Government forces captured the main stronghold of the BIFF in Barangay Ganta, Shariff Saydona Mustapha. The flag of the Philippines was raised at the former BIFF camp.

===February 2===
The Armed Forces of the Philippines formally ended Operation Darkhorse. Col. Dickson Hermoso, 6th Infantry Division spokesman, claimed that the government forces has significantly lowered the morale of BIFF fighters following the capture of at least four strategic BIFF camps. The military declared that civilians displaced due to the operation may now return to their homes.
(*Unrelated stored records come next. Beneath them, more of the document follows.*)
(* Let $$Q_0(x) = x^{q^2+1} + x^{s(\sqrt{2q}+1)} + x^s + 1 \in \mathbb{F}_2[x].$$ Then the set of roots of $Q_0$ (in $E$, equivalently in an algebraic closure of $E$) is exactly $\mathcal{T}_0$.
   Context: Let $q = 2^m$ with $m \ge 3$ odd, so that $\sqrt{2q} = 2^{(m+1)/2}$ is an integer. Let $E = \mathbb{F}_{q^4}$, and put $s = q - \sqrt{2q} + 1$ and $t = q + \sqrt{2q} + 1$. Let $\mathcal{O}_s = \{x \in E \mid x^s = 1\}$ and $\mathcal{O}_t = \{x \in E \mid x^t = 1\}$. Define $$\mathcal{T}_0 = \mathcal{O}_s \cup \left\{\left(v^{q-1} + v^{-(q-1)}\right)^{q-1} uv \;\middle|\; u \in \mathcal{O}_s,\ v \in \mathcal{O}_t \setminus \{1\}\right\}.$$ *)

From HB Require Import structures.
From mathcomp Require Import all_boot all_order all_algebra all_field.
Set Implicit Arguments. Unset Strict Implicit. Unset Printing Implicit Defensive.
Import GRing.Theory.
Local Open Scope ring_scope.

Definition qq (m : nat) : nat := (2 ^ m)%N.
(* sqrt(2q) = 2^((m+1)/2)  (an integer when m is odd) *)
Definition sq2q (m : nat) : nat := (2 ^ (m.+1)./2)%N.
Definition ss (m : nat) : nat := (qq m - sq2q m + 1)%N.
Definition tt (m : nat) : nat := (qq m + sq2q m + 1)%N.

(* Q_0(x) = x^(q^2+1) + x^(s(sqrt(2q)+1)) + x^s + 1, with coefficients 0/1,
   viewed over any ring R (for char-2 fields this is the image of the F_2 polynomial). *)
Definition Q0 (R : nzRingType) (m : nat) : {poly R} :=
  'X^((qq m) ^ 2 + 1) + 'X^(ss m * (sq2q m + 1)) + 'X^(ss m) + 1.

(* membership in T_0 (inside a field F playing the role of E = F_{q^4}):
   O_s union { (v^(q-1) + v^(-(q-1)))^(q-1) u v | u in O_s, v in O_t \ {1} } *)
Definition inT0 (F : fieldType) (m : nat) (x : F) : Prop :=
  x ^+ ss m = 1 \/
  exists u v : F, [/\ u ^+ ss m = 1, v ^+ tt m = 1, v != 1 &
    x = (v ^+ (qq m - 1) + (v ^+ (qq m - 1))^-1) ^+ (qq m - 1) * u * v].

From mathcomp Require Import all_boot all_order all_algebra all_field cyclic.
From mathcomp.algebra_tactics Require Import ring.
Set Implicit Arguments. Unset Strict Implicit. Unset Printing Implicit Defensive.
Import GRing.Theory.
Local Open Scope ring_scope.

(* Put h = 2^k, so that q = 2h^2, r = 2h, s = q - r + 1, t = q + r + 1; then st = q^2 + 1
   and q^4 - 1 = (q^2 - 1)st, so E contains the cyclic groups O_s and O_t. Take v in O_t,
   v <> 1, and set D = v^(q-1) + v^-(q-1), N = v^r + v^-r. Reducing exponents modulo t,
   the Frobenius x |-> x^q exchanges D and N, hence w = D^(q-1) = N/D satisfies
   w^(q+1) = 1. The exponents of Q0 then reduce modulo s, t and q + 1, and Q0(w u v) = 0
   for u in O_s becomes a rational identity in v^r and v^2 valid in characteristic 2;
   elements of O_s are roots directly. Every root x of this form satisfies
   x^(q^2) (uv)^2 = x, which determines uv, and O_s meets O_t only in 1, so the
   q^2 + 1 = st pairs (u, v) give distinct roots. As deg Q0 = q^2 + 1, Q0 splits over E
   with exactly these roots, in E and in every extension of E. *)

Section Char2.
Variable F : fieldType.
Hypothesis F2 : 2 \in [pchar F].

Lemma exprD2n_pchar2 (x y : F) n : (x + y) ^+ (2 ^ n) = x ^+ (2 ^ n) + y ^+ (2 ^ n).
Proof. by apply: exprDn_pchar; rewrite pnatX (eq_pnat _ (pcharf_eq F2)) pnat_id. Qed.

Lemma expr2n_inj_pchar2 n : injective (fun x : F => x ^+ (2 ^ n)).
Proof.
move=> x y /= exy; apply/eqP; rewrite -subr_eq0 oppr_pchar2 //.
have : (x + y) ^+ (2 ^ n) == 0 by rewrite exprD2n_pchar2 exy addrr_pchar2.
by rewrite expf_eq0 expn_gt0.
Qed.

Lemma expr2n_eq1_pchar2 n (x : F) : x ^+ (2 ^ n) = 1 -> x = 1.
Proof. by move=> x1; apply: (@expr2n_inj_pchar2 n); rewrite /= x1 expr1n. Qed.

Lemma expr2n_addV_pchar2 (x : F) n :
  (x + x^-1) ^+ (2 ^ n) = x ^+ (2 ^ n) + (x ^+ (2 ^ n))^-1.
Proof. by rewrite exprD2n_pchar2 exprVn. Qed.

Lemma sqrD_pchar2 (x y : F) : (x + y) ^+ 2 = x ^+ 2 + y ^+ 2.
Proof. exact: (exprD2n_pchar2 x y 1). Qed.

Lemma sqrD1_neq0_pchar2 (x : F) : x != 1 -> x ^+ 2 + 1 != 0.
Proof.
move=> x1; rewrite -[1](expr1n _ 2) -sqrD_pchar2 expf_neq0 //.
by rewrite -[1]oppr_pchar2 // subr_eq0.
Qed.

Lemma addV_eq0_pchar2 (x : F) : x != 0 -> (x + x^-1 == 0) = (x == 1).
Proof.
move=> x0; apply/idP/eqP => [|->]; last by rewrite invr1 addrr_pchar2.
rewrite addr_eq0 oppr_pchar2 // => /eqP xV; apply: (@expr2n_eq1_pchar2 1).
by rewrite expr2 {1}xV mulVf.
Qed.

(* With a = v^r, c = v^2 and w = t0_scale m v this is w^r Q0(w u v) = 0, see
   [root_Q0_t0_scale]. *)
Lemma Q0_orbit_identity_pchar2 (a c w : F) : a != 0 -> c != 0 -> c != 1 -> a * c != 1 ->
  w = (a + a^-1) / (a * c + (a * c)^-1) ->
  (a ^+ 2 * c + (a ^+ 2 * c)^-1) / (c + c^-1) * (w ^+ 2 + 1)
    + w ^+ 2 * (a * c) ^+ 2 + a ^- 2 = 0.
Proof.
move=> a0 c0 c1 ac1 wE; set D := a * c + (a * c)^-1; set Nr := a ^+ 2 * c + _.
have acac1 : a * c * (a * c) != 1.
  by apply: contra ac1; rewrite -expr2 => /eqP /(@expr2n_eq1_pchar2 1) ->.
have D2E : D ^+ 2 = (a * c) ^+ 2 + (a * c) ^- 2 by rewrite sqrD_pchar2 exprVn.
have wsq1 : w ^+ 2 + 1 = (c + c^-1) * Nr / D ^+ 2.
  rewrite wE expr_div_n -/D D2E sqrD_pchar2 exprVn /Nr; field.
  by rewrite c0 a0 sqrD1_neq0_pchar2.
have wsq2 : w ^+ 2 * (a * c) ^+ 2 + a ^- 2 = Nr ^+ 2 / D ^+ 2.
  rewrite -[Nr ^+ 2]addr0 -(addrr_pchar2 F2 (c ^+ 2)) wE expr_div_n -/D D2E.
  rewrite !sqrD_pchar2 !exprVn /Nr; field.
  by rewrite c0 a0 sqrD1_neq0_pchar2.
have Dr0 : c + c^-1 != 0 by rewrite addV_eq0_pchar2.
rewrite wsq1 -addrA wsq2 -!mulrA mulKf // mulrA -expr2.
exact: addrr_pchar2.
Qed.
End Char2.

Lemma PoszX (n e : nat) : (n ^ e)%N = (n : int) ^+ e :> int.
Proof. by rewrite -!natz natrX. Qed.

Section SuzukiExponents.
Variable k : nat.
Local Notation m := k.*2.+1.
Let h : int := (2 ^ k)%N.

Lemma qq_int : qq m = 2 * h ^+ 2 :> int.
Proof. by rewrite /qq expnS -addnn expnD !PoszM expr2. Qed.

Lemma sq2q_int : sq2q m = 2 * h :> int.
Proof. by rewrite /sq2q -doubleS doubleK expnS PoszM. Qed.

Lemma qq_gt0 : (0 < qq m)%N.
Proof. by rewrite expn_gt0. Qed.

Lemma ss_gt0 : (0 < ss m)%N.
Proof. by rewrite /ss addn1. Qed.

Lemma tt_gt0 : (0 < tt m)%N.
Proof. by rewrite /tt addn1. Qed.

Lemma sq2q_le_qq : (sq2q m <= qq m)%N.
Proof. by rewrite /sq2q -doubleS doubleK leq_pexp2l // ltnS -addnn leq_addr. Qed.

Lemma ss_int : ss m = 2 * h ^+ 2 - 2 * h + 1 :> int.
Proof. by rewrite /ss PoszD -subzn ?sq2q_le_qq // qq_int sq2q_int. Qed.

Lemma tt_int : tt m = 2 * h ^+ 2 + 2 * h + 1 :> int.
Proof. by rewrite /tt !PoszD qq_int sq2q_int. Qed.

Lemma ss_tt : (ss m * tt m = qq m ^ 2 + 1)%N.
Proof. by apply/eqP; rewrite -eqz_nat PoszM ss_int tt_int PoszD PoszX qq_int; apply/eqP; ring. Qed.

Lemma qq2_int : (qq m ^ 2)%N = 4 * h ^+ 4 :> int.
Proof. by rewrite PoszX qq_int; ring. Qed.

Lemma qq2S_int : (qq m ^ 2 + 1)%N = 4 * h ^+ 4 + 1 :> int.
Proof. by rewrite PoszD qq2_int. Qed.

Lemma qqS_int : (qq m).+1 = 2 * h ^+ 2 + 1 :> int.
Proof. by rewrite -addn1 PoszD qq_int. Qed.

Lemma qq_sub1_int : (qq m - 1)%N = 2 * h ^+ 2 - 1 :> int.
Proof. by rewrite -subzn ?qq_gt0 // qq_int. Qed.

Lemma Q0_mid_int : (ss m * (sq2q m + 1))%N = (2 * h ^+ 2 - 2 * h + 1) * (2 * h + 1) :> int.
Proof. by rewrite PoszM PoszD ss_int sq2q_int. Qed.

Lemma tt_ss_gap : (tt m = ss m + 2 ^ k.+2)%N.
Proof. by apply/eqP; rewrite -eqz_nat PoszD tt_int ss_int !expnS !PoszM; apply/eqP; ring. Qed.

Lemma ss_tt_dvd : (ss m * tt m %| qq m ^ 4 - 1)%N.
Proof. by rewrite ss_tt -(exp1n 2) -[4%N]/(2 * 2)%N expnM subn_sqr dvdn_mull. Qed.

Lemma Q0_exponents_lt : (ss m <= ss m * (sq2q m + 1) < qq m ^ 2 + 1)%N.
Proof.
rewrite -ss_tt leq_pmulr ?addn1 // ltn_pmul2l ?ss_gt0 //.
by rewrite /tt addn1 ltnS -{1}(add0n (sq2q m)) ltn_add2r qq_gt0.
Qed.

End SuzukiExponents.

(* Compound casts get dedicated lemmas: [PoszD] and [PoszM] would also match
   [Posz (ss m)] and [Posz (qq m)] after unfolding. *)
Ltac exponent_ring :=
  rewrite ?qq2S_int ?qq2_int ?qqS_int ?qq_sub1_int ?Q0_mid_int
          ?ss_int ?tt_int ?qq_int ?sq2q_int; ring.

Section ExponentReduction.
Variable F : fieldType.

Lemma expr_eq1_neq0 (x : F) n : (0 < n)%N -> x ^+ n = 1 -> x != 0.
Proof.
by move=> n0 xn; apply: contra_eq_neq xn => ->; rewrite expr0n gtn_eqF // eq_sym oner_neq0.
Qed.

Lemma exprz_mod (x : F) (n : nat) (i j c : int) :
  x != 0 -> x ^+ n = 1 -> i = j + c * n -> x ^ i = x ^ j.
Proof.
by move=> x0 xn ->; rewrite expfzDr // (mulrC c) -exprz_exp -exprnP xn exp1rz mulr1.
Qed.

Lemma exprn_mod (x : F) (n N : nat) (j c : int) :
  x != 0 -> x ^+ n = 1 -> N = j + c * n :> int -> x ^+ N = x ^ j.
Proof. by rewrite exprnP; apply: exprz_mod. Qed.

End ExponentReduction.

Section OrbitPowers.
Variables (F : fieldType) (k : nat).
Local Notation m := k.*2.+1.
Local Notation r := (sq2q m : int).
Variables (w u v : F).
Hypotheses (w_order : w ^+ (qq m).+1 = 1) (u_order : u ^+ ss m = 1) (v_order : v ^+ tt m = 1).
The military added that their law enforcement operations will continue despite the formal conclusion of Operation Darkhorse.

There is no official confirmation that Ameril Umbra Kato, leader of the BIFF was killed or captured during the military operation.

==Humanitarian concerns==
9,465 families or 35,334 people were displaced due to the clashes, with most of them coming from Shariff Saydona Mustapha, Rajah Buayan, Datu Piang in Maguindanao del Sur and Pikit in Cotabato. Some areas where the displaced persons may need to be rehabilitated. The military has vowed "speedy reconstruction" of affected areas after the conclusion of the military offensive.

It was also reported that three child soldiers of the BIFF were killed during the operations. The Philippine government condemned the reported use of child soldiers by the BIFF as a violation of human rights.